Why Don’t People Drop In Anymore?

There was a time when people used to drop into each other’s homes.  All the time.  It was the way things happened when I grew up on the farm.  Certainly there were visits scheduled ahead of time when your hosts knew you were coming but there was lots of impromptu visiting.  Neighbours and friends would come by for coffee in the morning or just before lunch or dinner and would be seated at the table to join in the family fare.  Every so often I pull out a pile of letters my Mother wrote to me when I was at university.  She filled the pages with news of everyday life and almost everyday, sometimes more than once a day, people dropped by.  A stream of wonderfully warm social interaction.  

Over time things have changed.  At least they have in our experience. When and why did people stop dropping by?  Is it urban living?  Do we think we have to have everything just so before people come over nowadays?  One thing about drop-of-the-hat entertaining is you serve what you have on hand and you eat what is offered.  It could be Cheerios for lunch.   Now there is some unwritten understanding that you must call or email and text ahead.  Whatever the reason, we are the poorer for it.  

The idea from this blog comes from a gift I received last week.  The doorbell rang and, my goodness, there was a friend!   She was in the neighbourhood and dropped by-just like that!  What a wonderful surprise.  It was lunch and she said, yes, she would like to stay and anything would be fine.  Even Cheerios.  Fortunately there were supplies on hand to make something looking like lunch but I know she would have been happy with Cheerios.  And I was so very happy to have her seated in the kitchen.  We visited and it was grand.  When she left I looked around and saw there was ironing on the railing, waiting for the ironing board, a floor half washed, the vacuum hose lying in the middle of the floor and the counter strewn with ingredients for the evening meal prep.  She’d walked into and around all of it.  There was enough room to find a spot to eat and lots of time to visit.

I hope this is the start of a renaissance of dropping by.  My husband is planning to drop by a friend’s workshop this afternoon.  And he’ll be happy to be welcomed and to have a visit and who knows, maybe some Cheerios.

Is our experience one of city dwellers?  Or maybe we just aren’t that approachable (note to self: remember to invite people to drop by).  What’s your experience of dropping over these days?

Simply Biscotti Pumpkin Muffin

4 thoughts on “Why Don’t People Drop In Anymore?

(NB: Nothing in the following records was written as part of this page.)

(* For every integer $k\ge 5$, $R(k,k+1)\ge NPO(k) > T_k$, where $T_k=\frac{k(k+1)}{2}$ is the $k$-th triangular number.
   Context: All graphs are finite, simple and undirected; $A(G)$ denotes the adjacency matrix of $G$. Eigenvalues are counted with multiplicity. For a positive integer $k$, $NPO(k)$ is the smallest integer $n$ such that the adjacency matrix of every graph with at least $n$ vertices has at least $k$ nonpositive eigenvalues. The Ramsey number $R(m,n)$ is the minimum number $N$ such that every graph on at least $N$ vertices has either an independent set of size $m$ or an induced subgraph isomorphic to the complete graph $K_n$. *)

From HB Require Import structures.
From mathcomp Require Import all_boot all_order all_algebra all_field.
Set Implicit Arguments. Unset Strict Implicit. Unset Printing Implicit Defensive.
Import Order.TTheory GRing.Theory Num.Theory.

Definition simple_graph (n : nat) (e : rel 'I_n) : Prop :=
  (forall x y, e x y = e y x) /\ (forall x, ~~ e x x).

Definition adjmx (n : nat) (e : rel 'I_n) : 'M[algC]_n :=
  \matrix_(i, j) ((e i j)%:R : algC)%R.

(* the eigenvalues of a square matrix, listed with multiplicity
   (roots of the characteristic polynomial over the algebraically closed algC) *)
Definition eigenvalues (n : nat) (A : 'M[algC]_n) : seq algC :=
  sval (closed_field_poly_normal (char_poly A)).

Definition num_nonpos_eig (n : nat) (A : 'M[algC]_n) : nat :=
  count (fun z : algC => (z <= 0)%R) (eigenvalues A).

Definition has_indep (n : nat) (e : rel 'I_n) (a : nat) : Prop :=
  exists S : {set 'I_n}, #|S| = a /\
    (forall x y, x \in S -> y \in S -> x != y -> ~~ e x y).
Definition has_clique (n : nat) (e : rel 'I_n) (b : nat) : Prop :=
  exists S : {set 'I_n}, #|S| = b /\
    (forall x y, x \in S -> y \in S -> x != y -> e x y).

Definition is_least (P : nat -> Prop) (N : nat) : Prop :=
  P N /\ (forall M, P M -> N <= M).

Definition ramsey_prop (a b N : nat) : Prop :=
  forall n, N <= n -> forall e : rel 'I_n, simple_graph e ->
    has_indep e a \/ has_clique e b.

Definition is_ramsey_number (a b N : nat) : Prop := is_least (ramsey_prop a b) N.

Definition npo_prop (k N : nat) : Prop :=
  forall n, N <= n -> forall e : rel 'I_n, simple_graph e ->
    k <= num_nonpos_eig (adjmx e).

Definition is_NPO (k N : nat) : Prop := is_least (npo_prop k) N.

(* Both inequalities rest on one principle of linear algebra (Courant-Fischer,
   via the spectral theorem): for a Hermitian matrix A of order n and any
   matrix M with n rows,
   - if the form x A x^* is positive on all nonzero x with x M = 0, then A has
     at most rank M nonpositive eigenvalues (nonpos_eig_le_rank);
   - if the form is nonpositive whenever x M = 0, then A has at least
     n - rank M nonpositive eigenvalues (nonpos_eig_ge_corank).
   NPO(k) <= R(k, k+1): the form of a graph vanishes on vectors supported on
   an independent set and equals -|x|^2 on zero-sum vectors supported on a
   clique, so an independent k-set or a (k+1)-clique forces k nonpositive
   eigenvalues.
   NPO(k) > T_k: on the T_k = k + C(k, 2) nonempty subsets of size <= 2 of a
   k-set, join two distinct subsets iff (same size <-> disjoint). Writing A as
   Gram matrices minus the Gram matrix of a signed incidence matrix B, the form
   is positive on the codimension-(k-1) space where all entries of x B agree,
   as soon as k >= 5; so this graph has at most k - 1 nonpositive eigenvalues.
   Finally the finite Ramsey theorem provides R(k, k+1), below which NPO(k)
   exists; both are least elements of nonempty sets of naturals. *)

From HB Require Import structures.
From mathcomp Require Import all_boot all_order all_algebra all_field.
From mathcomp Require Import zify ring.
From Stdlib Require Import Classical.
Set Implicit Arguments. Unset Strict Implicit. Unset Printing Implicit Defensive.

Import Order.TTheory GRing.Theory Num.Theory Num.Def.
Local Open Scope ring_scope.
Local Open Scope sesquilinear_scope.

Lemma sum_mul_delta (R : pzSemiRingType) (I : finType) (f : I -> R) (l : I) :
  \sum_i f i * (i == l)%:R = f l.
Proof.
rewrite (bigD1 l) //= eqxx mulr1 big1 ?addr0 // => i /negbTE ->.
by rewrite mulr0.
Qed.

Lemma realmx_nat m p (f : 'I_m -> 'I_p -> nat) :
  \matrix_(i, j) ((f i j)%:R : algC) \is a realmx.
Proof. by apply/mxOverP => i j; rewrite mxE realn. Qed.

Section QuadraticForm.
Variable n : nat.
Implicit Types (A B : 'M[algC]_n) (d x : 'rV[algC]_n).

Definition qform A x : algC := (x *m A *m x^t*) 0 0.

Lemma qformD A B x : qform (A + B) x = qform A x + qform B x.
Proof. by rewrite /qform mulmxDr mulmxDl mxE. Qed.

Lemma qformB A B x : qform (A - B) x = qform A x - qform B x.
Proof. by rewrite /qform mulmxBr mulmxBl !mxE. Qed.

Lemma qform_expand A x :
  qform A x = \sum_i \sum_j x 0 i * A i j * (x 0 j)^*.
Proof.
rewrite /qform mxE exchange_big /=; apply: eq_bigr => j _.
by rewrite !mxE mulr_suml.
Qed.

Lemma qform_diag d x : qform (diag_mx d) x = \sum_i d 0 i * (x 0 i * (x 0 i)^*).
Proof.
rewrite /qform mxE; apply: eq_bigr => i _.
by rewrite mul_mx_diag !mxE mulrAC mulrC.
Qed.

Lemma qform_gram p (G : 'M[algC]_(n, p)) x : G \is a realmx ->
  qform (G *m G^T) x = \sum_c (x *m G) 0 c * ((x *m G) 0 c)^*.
Proof.
move=> G_real; rewrite /qform mulmxA -(mulmxA _ G^T).
have -> : G^T *m x^t* = (x *m G)^t*.
  rewrite trmx_mul map_mxM; congr (_ *m _).
  by apply/matrixP => i j; rewrite !mxE; apply/esym/CrealP/(mxOverP G_real).
by rewrite mxE; apply: eq_bigr => c _; rewrite !mxE.
Qed.

End QuadraticForm.

Section Inertia.
Variable n : nat.
Implicit Types (A P : 'M[algC]_n) (d x y : 'rV[algC]_n).

Lemma hermitian_diagonalization A : A \is hermsymmx ->
  exists P d, [/\ P \is unitarymx, d \is a realmx & A = P^t* *m diag_mx d *m P].
Proof.
move=> herA; exists (spectralmx A), (spectral_diag A); split.
- exact: spectral_unitarymx.
- exact: hermitian_spectral_diag_real.
- rewrite -invmx_unitary ?spectral_unitarymx //.
  exact/orthomx_spectralP/hermitian_normalmx.
Qed.

Lemma unitary_mulKmx P : P \is unitarymx -> P^t* *m P = 1%:M.
Proof. by move=> uP; rewrite -invmx_unitary // mulVmx // unitarymx_unit. Qed.

Lemma unitary_mulmx_eq0 P y : P \is unitarymx -> (y *m P == 0) = (y == 0).
Proof.
move=> /unitarymxP PPt; apply/eqP/eqP => [yP0|->]; last by rewrite mul0mx.
by rewrite -(mulmx1 y) -PPt mulmxA yP0 mul0mx.
Qed.

Lemma char_poly_similar (Q P D : 'M[algC]_n) : Q *m P = 1%:M ->
  char_poly (Q *m D *m P) = char_poly D.
Proof.
move=> QP; rewrite /char_poly /char_poly_mx !map_mxM.
set Q' := map_mx polyC Q; set P' := map_mx polyC P.
have QP' : Q' *m P' = 1%:M by rewrite -map_mxM QP map_mx1.
have X_conj : ('X%:M : 'M[{poly algC}]_n) = Q' *m 'X%:M *m P'.
  by rewrite mul_mx_scalar -scalemxAl QP' scalemx1.
rewrite [X in \det (X - _)]X_conj -mulmxBl -mulmxBr !det_mulmx.
by rewrite mulrAC -det_mulmx QP' det1 mul1r.
Qed.

Lemma num_nonpos_eig_diag P d : P \is unitarymx ->
  num_nonpos_eig (P^t* *m diag_mx d *m P) = #|[set i | d 0 i <= 0]|.
Proof.
move=> uP; rewrite /num_nonpos_eig /eigenvalues.
case: closed_field_poly_normal => r /=.
rewrite char_poly_similar ?unitary_mulKmx // (monicP (char_poly_monic _)) scale1r.
rewrite char_poly_trig ?diag_mx_is_trig //.
have -> : \prod_(i < n) ('X - (diag_mx d i i)%:P) =
   \prod_(z <- [seq d 0 i | i <- index_enum 'I_n]) ('X - z%:P).
  by rewrite big_map; apply: eq_bigr => i _; rewrite mxE eqxx mulr1n.
move=> /esym /prod_XsubC_eq /permP ->.
rewrite count_map cardE /enum_mem [index_enum _]unlock size_filter.
by apply: eq_count => i; rewrite /= inE.
Qed.

Lemma qform_unitary_diag P d y : P \is unitarymx ->
  qform (P^t* *m diag_mx d *m P) (y *m P) = \sum_i d 0 i * (y 0 i * (y 0 i)^*).
Proof.
move=> /unitarymxP PPt; rewrite /qform trmx_mul map_mxM !mulmxA.
rewrite -(mulmxA y P) PPt mulmx1 -(mulmxA _ P) PPt mulmx1.
by rewrite -qform_diag.
Qed.

(* Dimension count: if rank N < |I|, some nonzero vector supported on I lies
   in the left kernel of N, as the rows of E span the |I|-dimensional space
   of vectors supported on I and ker N has dimension n - rank N. *)
Lemma supported_kernel_vector m (I : {set 'I_n}) (N : 'M[algC]_(n, m)) :
  (\rank N < #|I|)%N ->
  exists y, [/\ y != 0, (forall i, i \notin I -> y 0 i = 0) & y *m N = 0].
Proof.
move=> rkN.
pose E : 'M[algC]_(#|I|, n) := \matrix_(j, c) ((enum_val j == c)%:R).
have EEt : E *m E^T = 1%:M.
  apply/matrixP => j1 j2; rewrite !mxE (bigD1 (enum_val j1)) //= big1.
    by rewrite !mxE eqxx mul1r addr0 (inj_eq enum_val_inj) eq_sym.
  by move=> c /negbTE c_neq; rewrite !mxE eq_sym c_neq mul0r.
have rkE : \rank E = #|I|.
  apply/eqP; rewrite eqn_leq rank_leq_row /=.
  by rewrite -{1}(mxrank1 algC #|I|) -EEt mxrankM_maxl.
have cap_neq0 : \rank (E :&: kermx N)%MS != 0%N.
  have := mxrank_sum_cap E (kermx N); rewrite mxrank_ker rkE.
  have := rank_leq_col (E + kermx N)%MS; have := rank_leq_row N.
  have : (#|I| <= n)%N by rewrite -[X in (_ <= X)%N]card_ord max_card.
  lia.
move: cap_neq0; rewrite mxrank_eq0 -nz_row_eq0; set y := nz_row _ => y_neq0.
have yE : (y <= E)%MS := submx_trans (nz_row_sub _) (capmxSl _ _).
have yN : (y <= kermx N)%MS := submx_trans (nz_row_sub _) (capmxSr _ _).
exists y; split => //; last exact/sub_kermxP.
move=> i iI; case/submxP: yE => D ->; rewrite mxE big1 // => j _.
rewrite mxE; case: eqP => [ji|_]; last by rewrite mulr0.
by move: iI; rewrite -ji enum_valP.
Qed.

Lemma nonpos_eig_le_rank m A (M : 'M[algC]_(n, m)) : A \is hermsymmx ->
  (forall x, x *m M = 0 -> x != 0 -> 0 < qform A x) ->
  (num_nonpos_eig A <= \rank M)%N.
Proof.
move=> herA qA_pos; have [P [d [uP _ A_eq]]] := hermitian_diagonalization herA.
rewrite A_eq in qA_pos *.
rewrite (num_nonpos_eig_diag _ uP) leqNgt; apply/negP => rk_lt.
have [|y [y_neq0 y_supp yPM]] :=
  supported_kernel_vector (N := P *m M) (I := [set i | d 0 i <= 0]).
  exact: leq_ltn_trans (mxrankM_maxr _ _) rk_lt.
have := qA_pos (y *m P); rewrite qform_unitary_diag // unitary_mulmx_eq0 //.
rewrite -mulmxA yPM => /(_ erefl y_neq0) /lt_geF/negbT/negP; apply.
apply: sumr_le0 => i _.
have [di_le0|di_gt0] := boolP (d 0 i <= 0); last first.
  by rewrite y_supp ?inE // mul0r mulr0.
exact: mulr_le0_ge0 di_le0 (mul_conjC_ge0 _).
Qed.

Lemma nonpos_eig_ge_corank m A (M : 'M[algC]_(n, m)) : A \is hermsymmx ->
  (forall x, x *m M = 0 -> qform A x <= 0) ->
  (n - \rank M <= num_nonpos_eig A)%N.
Proof.
move=> herA qA_nonpos.
have [P [d [uP d_real A_eq]]] := hermitian_diagonalization herA.
rewrite A_eq in qA_nonpos *.
rewrite (num_nonpos_eig_diag _ uP) leqNgt; apply/negP => rk_lt.
set nonpos := [set i | d 0 i <= 0] in rk_lt *.
have := cardsC nonpos; rewrite card_ord => cardnonpos.
have [|y [y_neq0 y_supp yPM]] :=
  supported_kernel_vector (I := ~: nonpos) (N := P *m M).
  apply: leq_ltn_trans (mxrankM_maxr _ _) _.
  by move: rk_lt cardnonpos; move: #|nonpos| #|~: nonpos| => p q; lia.
have := qA_nonpos (y *m P); rewrite qform_unitary_diag // -mulmxA yPM => /(_ erefl).
apply/negP/negbT/lt_geF.
have d_pos i : i \notin nonpos -> 0 < d 0 i.
  by rewrite inE real_ltNge ?real0 ?(mxOverP d_real).
have /matrix0Pn [r [i0]] := y_neq0; rewrite ord1 => yi0_neq0.
have i0_pos : i0 \notin nonpos.
  by apply: contraR yi0_neq0 => /negPn i0_np; apply/eqP/y_supp; rewrite in_setC negbK.
rewrite (bigD1 i0) //=; apply: ltr_pwDl.
  by rewrite mulr_gt0 ?d_pos ?mul_conjC_gt0.
apply: sumr_ge0 => i _; have [iN|iP] := boolP (i \in nonpos).
  by rewrite y_supp ?mul0r ?mulr0 // in_setC iN.
by rewrite mulr_ge0 ?mul_conjC_ge0 // ltW // d_pos.
Qed.

End Inertia.

Section GraphSpectrum.
Variables (n : nat) (e : rel 'I_n).
Hypothesis e_simple : simple_graph e.

Lemma adjmx_hermitian : adjmx e \is hermsymmx.
Proof.
have [e_sym _] := e_simple; apply/is_hermitianmxP; rewrite expr0 scale1r.
by apply/matrixP => i j; rewrite !mxE e_sym conjC_nat.
Qed.

Definition support_mx (S : {set 'I_n}) : 'M[algC]_(n, #|~: S|) :=
  \matrix_(i, j) ((i == enum_val j)%:R).

Lemma support_mxP (S : {set 'I_n}) (x : 'rV[algC]_n) :
  x *m support_mx S = 0 -> forall i, i \notin S -> x 0 i = 0.
Proof.
move=> xS0 i iS; have iSC : i \in ~: S by rewrite inE.
have := congr1 (fun v : 'rV_#|~: S| => v 0 (enum_rank_in iSC i)) xS0.
rewrite !mxE (bigD1 i) //= big1 ?addr0 => [|j ji].
  by rewrite mxE enum_rankK_in // eqxx mulr1.
by rewrite mxE enum_rankK_in // (negbTE ji) mulr0.
Qed.

(* An independent set S: the form of A(G) vanishes on vectors supported on
   S, a subspace of dimension |S|; so A(G) has >= |S| nonpositive eigenvalues. *)
Lemma indep_nonpos_eig (S : {set 'I_n}) :
  (forall x y, x \in S -> y \in S -> x != y -> ~~ e x y) ->
  (#|S| <= num_nonpos_eig (adjmx e))%N.
Proof.
move=> S_indep; have [_ e_irr] := e_simple.
have qS0 x : x *m support_mx S = 0 -> qform (adjmx e) x <= 0.
  move=> xS0; rewrite qform_expand big1 // => i _; rewrite big1 // => j _.
  have [iS|iS] := boolP (i \in S); last by rewrite (support_mxP xS0 iS) !mul0r.
  have [jS|jS] := boolP (j \in S); last by rewrite (support_mxP xS0 jS) conjC0 mulr0.
  have [<-|ij] := eqVneq i j; first by rewrite mxE (negbTE (e_irr i)) mulr0 mul0r.
  by rewrite mxE (negbTE (S_indep _ _ iS jS ij)) mulr0 mul0r.
have := nonpos_eig_ge_corank adjmx_hermitian qS0.
have := rank_leq_col (support_mx S); have := cardsC S; rewrite card_ord; lia.
Qed.
(* Let $V\in C^\infty(\mathbb{R})$ be real-valued, let $D=\frac{d}{dx}$, let $L=D^2+V(x)$, and let $N\ge 0$ be an integer. The following are equivalent: (i) there exists a linear differential operator $Q=D^{2N+1}+\sum_{j=0}^{2N} q_j(x)D^j$ with $q_j\in C^\infty(\mathbb{R})$ such that $[Q,L]=0$; (ii) there exist functions $a_0,\dots,a_N,b_0,\dots,b_N\in C^\infty(\mathbb{R})$ with $a_N\equiv 1$, and a function $r(x,\varepsilon)$, such that for every real $\varepsilon$ the first-order operator $$\hat Q_\varepsilon=\Big(\sum_{j=0}^N a_j(x)\varepsilon^j\Big)D+\sum_{j=0}^N b_j(x)\varepsilon^j$$ is a Lie symmetry of the equation $(L+\varepsilon)\psi=0$, i.e. $[L+\varepsilon,\hat Q_\varepsilon]=r(x,\varepsilon)\,(L+\varepsilon)$ as differential operators.
   Context: Sign convention: the paper writes its Hamiltonian as $H=-\frac{d^2}{dx^2}+V$, but its determining equations and recursion operators match the operator $L=\frac{d^2}{dx^2}+V$ (equivalently $H=-\frac{d^2}{dx^2}-V$); the statement is given in that consistent convention. A differential operator $\hat Q$ is a (Lie) symmetry of $A\psi=0$ if $[A,\hat Q]=PA$ for some differential operator $P$; for first-order $\hat Q$ and second-order $A=L+\varepsilon$, $P$ is multiplication by a function $r$. *)

From Stdlib Require Import Reals.
From Coquelicot Require Import Coquelicot.
Open Scope R_scope.

Definition smooth (f : R -> R) : Prop :=
  forall (n : nat) (x : R), ex_derive_n f n x.

Definition opL (V : R -> R) (psi : R -> R) : R -> R :=
  fun x => Derive_n psi 2 x + V x * psi x.

Definition opLeps (V : R -> R) (eps : R) (psi : R -> R) : R -> R :=
  fun x => opL V psi x + eps * psi x.

Definition opQ (N : nat) (q : nat -> R -> R) (psi : R -> R) : R -> R :=
  fun x => Derive_n psi (2 * N + 1) x
           + sum_f_R0 (fun j => q j x * Derive_n psi j x) (2 * N).

Definition polyeps (N : nat) (c : nat -> R -> R) (eps : R) (x : R) : R :=
  sum_f_R0 (fun j => c j x * eps ^ j) N.

Definition opQhat (N : nat) (a b : nat -> R -> R) (eps : R)
  (psi : R -> R) : R -> R :=
  fun x => polyeps N a eps x * Derive psi x + polyeps N b eps x * psi x.

(* Dividing by powers of [L] writes every operator of order [2N+1] with leading
   coefficient [1] uniquely as [Q = sum_(j<=N) (U_j D + W_j) L^j] with [U_N = 1].  Since
   [[L, u D + w] = (u'' + 2 w') D + (w'' - u V' - 2 u' V) + 2 u' L], the equation
   [[Q, L] = 0] becomes the triangular system [U_j'' + 2 W_j' = 0] and
   [W_j'' - U_j V' - 2 U_j' V + 2 U_(j-1)' = 0], which for [a_j = (-1)^(N-j) U_j] is the
   Lenard recursion [-a_j'''/2 - a_j V' - 2 a_j' V = 2 a_(j-1)'].  By the same commutator
   formula with [V + eps] in place of [V], [A D + B] is a Lie symmetry of [L + eps] iff
   [A'' + 2 B' = 0] and [B'' - A V' - 2 A' (V + eps) = 0]; eliminating [B] and comparing
   powers of [eps] in [A = sum_j a_j eps^j] gives again the Lenard recursion. *)

From Stdlib Require Import Reals Lra Lia FunctionalExtensionality.
From Coquelicot Require Import Coquelicot.
Open Scope R_scope.

Lemma smooth_ex_derive f x : smooth f -> ex_derive f x.
Proof. intros Hf; exact (Hf 1%nat x). Qed.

  1. I can’t speak for urban dwellers but dropping by was certainly part of my growing up too, Usually for lunch, afternoon or evening coffee. My grandmother used to say “Come on in, I have a big pot of potatoes cooked”. They took the time in those days. She could open a jar of canned beef or chicken and one of vegetables and feast however many she had potatoes for.
    Communication in advance was not easy. Today it is and people are expected to “call ahead” because whatever there is to eat extra is likely frozen. I loved when people dropped in on us with no notice as Ella remained quite calm. If she knew they were coming everything had to be perfect and she was always upset.

    1. Your comment brings back memories of jellied, canned chicken. And homemade bread and a chocolate cake a day. I agree that if people drop in it’s ‘take us as we are’ while a longer standing invitation means you should be well ready.

  2. People don’t drop by..because..you don’t live in Saskatchewan anymore.
    Mom used to ‘drop by’ Anne’s on the way home from town almost every trip. I know she dropped in at your Mom’s every time she drove back from Brandon.

    Drop by sometime for coffee….

    1. Do you think it is a rural or small community thing, then. It is hard to drop in on us if we don’t live in the same province. And I will remember the invite to drop by. Thank you ! Nice to hear from you Penny.